Two recent pieces of scholarship focusing on surgical mesh devices marketed for pelvic reconstruction surgeries illustrate this criticism. In the medical literature, Jeremey Rosh and coauthors examined a cohort of surgical mesh devices marketed for use in pelvic reconstruction surgeries. After noting that pre-amendment devices cited as predicates were likely not evaluated for safety, the authors observed that flawed technology in one cleared device can lead to many unsafe devices being cleared: “Forty years of 510(k) clearances based on substantial equivalence claims has resulted in complex networks of medical device ancestries. These connections reflect the interdependent relationships between marketed devices and indicate how adverse events from one device may cascade to related devices.”
In a recent criticism in the legal scholarship, William Chanes Martinez presented the example of Boston Scientific’s ProtoGen Sling, a surgical mesh device used in female pelvic reconstruction surgeries. Although it was recalled three years after its clearance, the FDA ultimately cleared at least 61 devices that included the ProtoGen in their predicate ancestries. None of the submissions were accompanied by clinical trial evidence. Eventually, in the face of overwhelming evidence of harm created by vaginal mesh devices the FDA reclassified them as Class III devices and required their manufacturers to submit PMA applications, including clinical trial data.

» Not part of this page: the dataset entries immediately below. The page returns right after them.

(* Let $\phi\colon F_1\to F_2$ and $\psi\colon F_2\to F_3$ be transformations as below, dinatural in all their variables, and let $P,T$ be the places and transitions of $\Gamma(\psi)\circ\Gamma(\phi)$. Let $(M,L,f)$ be a labelled marking with $f\colon A\to B$, and let $t\in T$ be a transition with $M(p)=1$ for all $p\in{}^\bullet t$ and $L(t)=B$. Define $M'\colon P\to\{0,1\}$ by $M'(p)=0$ if $p\in{}^\bullet t$, $M'(p)=1$ if $p\in t^\bullet$, $M'(p)=M(p)$ otherwise, and $L'\colon T\to\{A,B\}$ by $L'(t)=A$, $L'(s)=L(s)$ for $s\ne t$. Then $(M',L',f)$ is a labelled marking and $\mathrm{mor}(M,L,f)=\mathrm{mor}(M',L',f)$.
   Context: Notation: for $k\in\mathbb N$, $k$ also denotes $\{1,\dots,k\}$; $\mathbb B^\alpha=\mathbb B^{\alpha_1}\times\cdots$ with $\mathbb B^+=\mathbb B$, $\mathbb B^-=\mathbb B^{op}$; for $\mathbf A=(A_1,\dots,A_n)$ and $\sigma\colon k\to n$, $\mathbf A\sigma=(A_{\sigma1},\dots,A_{\sigma k})$; a morphism $f\colon A\to B$ in a contravariant argument is regarded as $B\to A$ in $\mathbb B^{op}$. A transformation $\phi\colon F\to G$ ($F\colon\mathbb B^\alpha\to\mathbb C$, $G\colon\mathbb B^\beta\to\mathbb C$) of type $|\alpha|\xrightarrow{\sigma}n\xleftarrow{\tau}|\beta|$ is a family $\phi_{\mathbf A}\colon F(\mathbf A\sigma)\to G(\mathbf A\tau)$, $\mathbf A\in\mathrm{Ob}(\mathbb B)^n$. With $\mathbf A[X,Y/i]\sigma$ the tuple whose $j$-th entry is $X$ if $\sigma j=i,\alpha_j=-$, $Y$ if $\sigma j=i,\alpha_j=+$, and $A_{\sigma j}$ (or $1_{A_{\sigma j}}$ for morphisms) otherwise, and $\mathbf A[X/i]=\mathbf A[X,X/i]$: $\phi$ is dinatural in its $i$-th variable if for all $A_j$ ($j\ne i$) and $f\colon A\to B$, $G(\mathbf A[A,f/i]\tau)\circ\phi_{\mathbf A[A/i]}\circ F(\mathbf A[f,A/i]\sigma)=G(\mathbf A[f,B/i]\tau)\circ\phi_{\mathbf A[B/i]}\circ F(\mathbf A[B,f/i]\sigma)$. Setting: $F_u\colon\mathbb B^{\alpha^u}\to\mathbb C$ ($u=1,2,3$), $\phi$ of type $|\alpha^1|\xrightarrow{\sigma_1}k_1\xleftarrow{\tau_1}|\alpha^2|$, $\psi$ of type $|\alpha^2|\xrightarrow{\sigma_2}k_2\xleftarrow{\tau_2}|\alpha^3|$. The composite graph $\Gamma(\psi)\circ\Gamma(\phi)$ has places $P=|\alpha^1|\sqcup|\alpha^2|\sqcup|\alpha^3|$ (write $\iota_u(j)$ for place $j$ of block $u$) and transitions $T=k_1\sqcup k_2$ (write $\kappa_u(t)$ for $t\in k_u$); for $u\in\{1,2\}$: ${}^\bullet\kappa_u(t)=\{\iota_u(p):\sigma_u p=t,\alpha^u_p=+\}\cup\{\iota_{u+1}(p):\tau_u p=t,\alpha^{u+1}_p=-\}$ and $\kappa_u(t)^\bullet=\{\iota_u(p):\sigma_u p=t,\alpha^u_p=-\}\cup\{\iota_{u+1}(p):\tau_u p=t,\alpha^{u+1}_p=+\}$. For a place $p$, ${}^\bullet p$ and $p^\bullet$ are the sets of transitions having $p$ as output, resp. input; each has at most one element, and $p$ is adjacent to at least one transition. Labelled marking: a triple $(M,L,f)$ with $f\colon A\to B$ in $\mathbb B$, $M\colon P\to\{0,1\}$, $L\colon T\to\{A,B\}$ such that for every place $p$: if $M(p)=1$ then $L(s)=A$ for $s\in{}^\bullet p$ and $L(s)=B$ for $s\in p^\bullet$; if $M(p)=0$ then all transitions in ${}^\bullet p\cup p^\bullet$ have the same label. Associated morphism: $\mathrm{mor}(M,L,f)=F_3(x^3_1,\dots,x^3_{|\alpha^3|})\circ\psi_{X^2_1,\dots,X^2_{k_2}}\circ F_2(x^2_1,\dots,x^2_{|\alpha^2|})\circ\phi_{X^1_1,\dots,X^1_{k_1}}\circ F_1(x^1_1,\dots,x^1_{|\alpha^1|})$ in $\mathbb C$, where $x^u_j=f$ if $M(\iota_u(j))=1$ and $x^u_j=1_{L(s)}$ for $s$ any transition adjacent to $\iota_u(j)$ if $M(\iota_u(j))=0$, and $X^u_j=L(\kappa_u(j))$. *)

From mathcomp Require Import all_boot.
Set Implicit Arguments. Unset Strict Implicit. Unset Printing Implicit Defensive.
(* The witness is [n = 0] if [u >= k], and the dyadic scale of [u / k] otherwise. *)
Lemma powR_inv_le_dyadic_term (s k u z : R) : 0 <= s -> 0 < k -> 0 < u ->
  k * z <= u -> exists n, (u^-1) `^ s <= (k^-1) `^ s * (n == 0)%:R
     + (k^-1) `^ s * (2 `^ s) ^+ n.+1 * (z < (2^-1) ^+ n)%R%:R.
Proof.
move=> s0 k0 u0 kzu.
have c0 : 0 <= (k^-1) `^ s by exact: powR_ge0.
have w0 n : 0 <= (k^-1) `^ s * (2 `^ s) ^+ n.+1 * (z < (2^-1) ^+ n)%R%:R.
  by rewrite !mulr_ge0 // exprn_ge0 // powR_ge0.
have [ku|uk] := leP k u.
  exists 0%N; rewrite eqxx mulr1 -[X in X <= _]addr0 lerD //.
  apply: ge0_ler_powR; rewrite ?nnegrE ?invr_ge0 ?(ltW k0) ?(ltW u0) //.
  by rewrite lef_pV2 ?posrE.
have uk1 : u / k < 1 by rewrite ltr_pdivrMr // mul1r.
have [n /andP[h1 h2]] := dyadic_bracket (divr_gt0 u0 k0) uk1.
exists n.
have -> : z < (2^-1) ^+ n by apply: le_lt_trans h2; rewrite ler_pdivlMr // mulrC.
rewrite mulr1 -[X in X <= _]add0r; apply: lerD; first by rewrite mulr_ge0.
have -> : (k^-1) `^ s * (2 `^ s) ^+ n.+1 = (k^-1 * 2 ^+ n.+1) `^ s.
  by rewrite powRM ?invr_ge0 ?exprn_ge0 ?powR_exprn // ltW.
apply: ge0_ler_powR; rewrite // ?nnegrE ?mulr_ge0 ?invr_ge0 ?exprn_ge0 ?(ltW k0) ?(ltW u0) //.
have -> : u^-1 = k^-1 * (u / k)^-1.
  by rewrite invf_div mulrA mulVf ?mul1r // lt0r_neq0.
rewrite ler_wpM2l ?invr_ge0 ?(ltW k0) //.
move: h1; rewrite exprVn -[X in _ <= X](invrK (u / k)) lef_pV2 //.
  by rewrite posrE exprn_gt0.
by rewrite posrE invr_gt0 divr_gt0.
Qed.

End real_bounds.

Section complex_bounds.
Context {R : realType}.
Local Notation C := R[i].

The Institute of Medicine noted this issue in its 2011 report:
[A]ny unsafe or ineffective devices are embedded in the system and as both a legal and a practical matter may be used as predicates for new devices until the predicates are removed from the market. It may be difficult for the FDA to remove devices from the market because it has no systematic way to identify them.
The FDA lacks explicit statutory authority to simply rescind a 510(k) clearance, and courts have rejected the Agency’s attempts to rely on a theory that the MDA provided “inherent reconsideration authority.” Lacking authority to simply reconsider a 510(k) clearance based on new information, the FDA has relied on its statutory authority under 21 U.S.C. § 360c(e) to reclassify a relatively modest number of devices from Class II to Class III, which effectively removes them from use as predicates. This process, however, is unwieldly, as § 360(c) requires the agency to engage in a process that includes publishing any proposed reclassification in the Federal Register, submitting the proposal to the appropriate device classification panel, considering public comments, and publishing a final order explaining the public health benefits and risks of the device and the rationale for why general and special controls fail to provide an adequate assurance of safety. In effect, then, because unsafe devices may serve as the predicates for generations of newer devices and because the FDA possesses only limited authority to remove these devices, a single unsafe device that is cleared may render many later generations of devices that include it in their predicate ancestries unsafe.
However, no systematic evidence of this effect has been reported. This leaves many important questions unanswered. First, does this effect exist? Second, if the effect does exist, how strong is it? After all, given the complex nature of 510(k) device relationships, including devices that cite (and combine the technological features of) many predicate devices, any dangerous technological feature in one device might quickly be mitigated in subsequent generations. And third, assuming that such an effect exists, how long does it persist? If manufacturers can improve their devices through iterative changes, it may be that a dangerous device that is modified a number of times (or even once) may no longer be dangerous. Indeed, manufacturers may be motived by market forces and the threat of tort liability to make such changes.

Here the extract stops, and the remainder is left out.